(Records for this task)
(* Let $m\ge1$ and $0<h<2^m$. Then the sets $\mathbb{V}_k(h)$, $k\in\mathbb{Z}^m$, are pairwise disjoint; $\mathbb{V}(h)=\bigcup_{k\in\mathbb{Z}^m}\mathbb{V}_k(h)$; $\mathbb{V}_0(h)$ is compact; $\mathbb{V}_0(h)$ is strictly convex; and $\mathbb{V}_0(h)$ has nonempty interior in $\mathbb{R}^m$. Moreover, $\mathbb{V}_0(h)=\mathbb{V}(h)\cap(0,2\pi)^m$.
   Context: $s(t)=2\sin(t/2)$. For $h\ge0$, $\mathbb{V}(h)=\{x\in\mathbb{R}^m:|\prod_{j=1}^m s(x_j)|\ge h\}$, $\mathbb{V}_0(h)=\mathbb{V}(h)\cap[0,2\pi]^m$, and for $k\in\mathbb{Z}^m$, $\mathbb{V}_k(h)=\mathbb{V}_0(h)+2\pi k=\{x+2\pi k:x\in\mathbb{V}_0(h)\}$. A set is strictly convex if for any two distinct points of it, their midpoint (indeed every point of the open segment between them) is an interior point of the set. *)

From Stdlib Require Import Reals ZArith.
From mathcomp Require Import all_boot.
Set Implicit Arguments.
Unset Strict Implicit.

Local Open Scope R_scope.

Definition pt (m : nat) := 'I_m -> R.

Definition s (t : R) : R := 2 * sin (t / 2).

Definition prod_s (m : nat) (x : pt m) : R :=
  \big[Rmult/1]_(j < m) s (x j).

Definition V (m : nat) (h : R) (x : pt m) : Prop := Rabs (prod_s x) >= h.

Definition V0 (m : nat) (h : R) (x : pt m) : Prop :=
  V h x /\ forall j, 0 <= x j <= 2 * PI.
(End Records for this task)
Try it> Check each line of the listing above. Copy the ones with the word "Import".

Task solution>
From Stdlib Require Import Reals ZArith.
From mathcomp Require Import all_boot.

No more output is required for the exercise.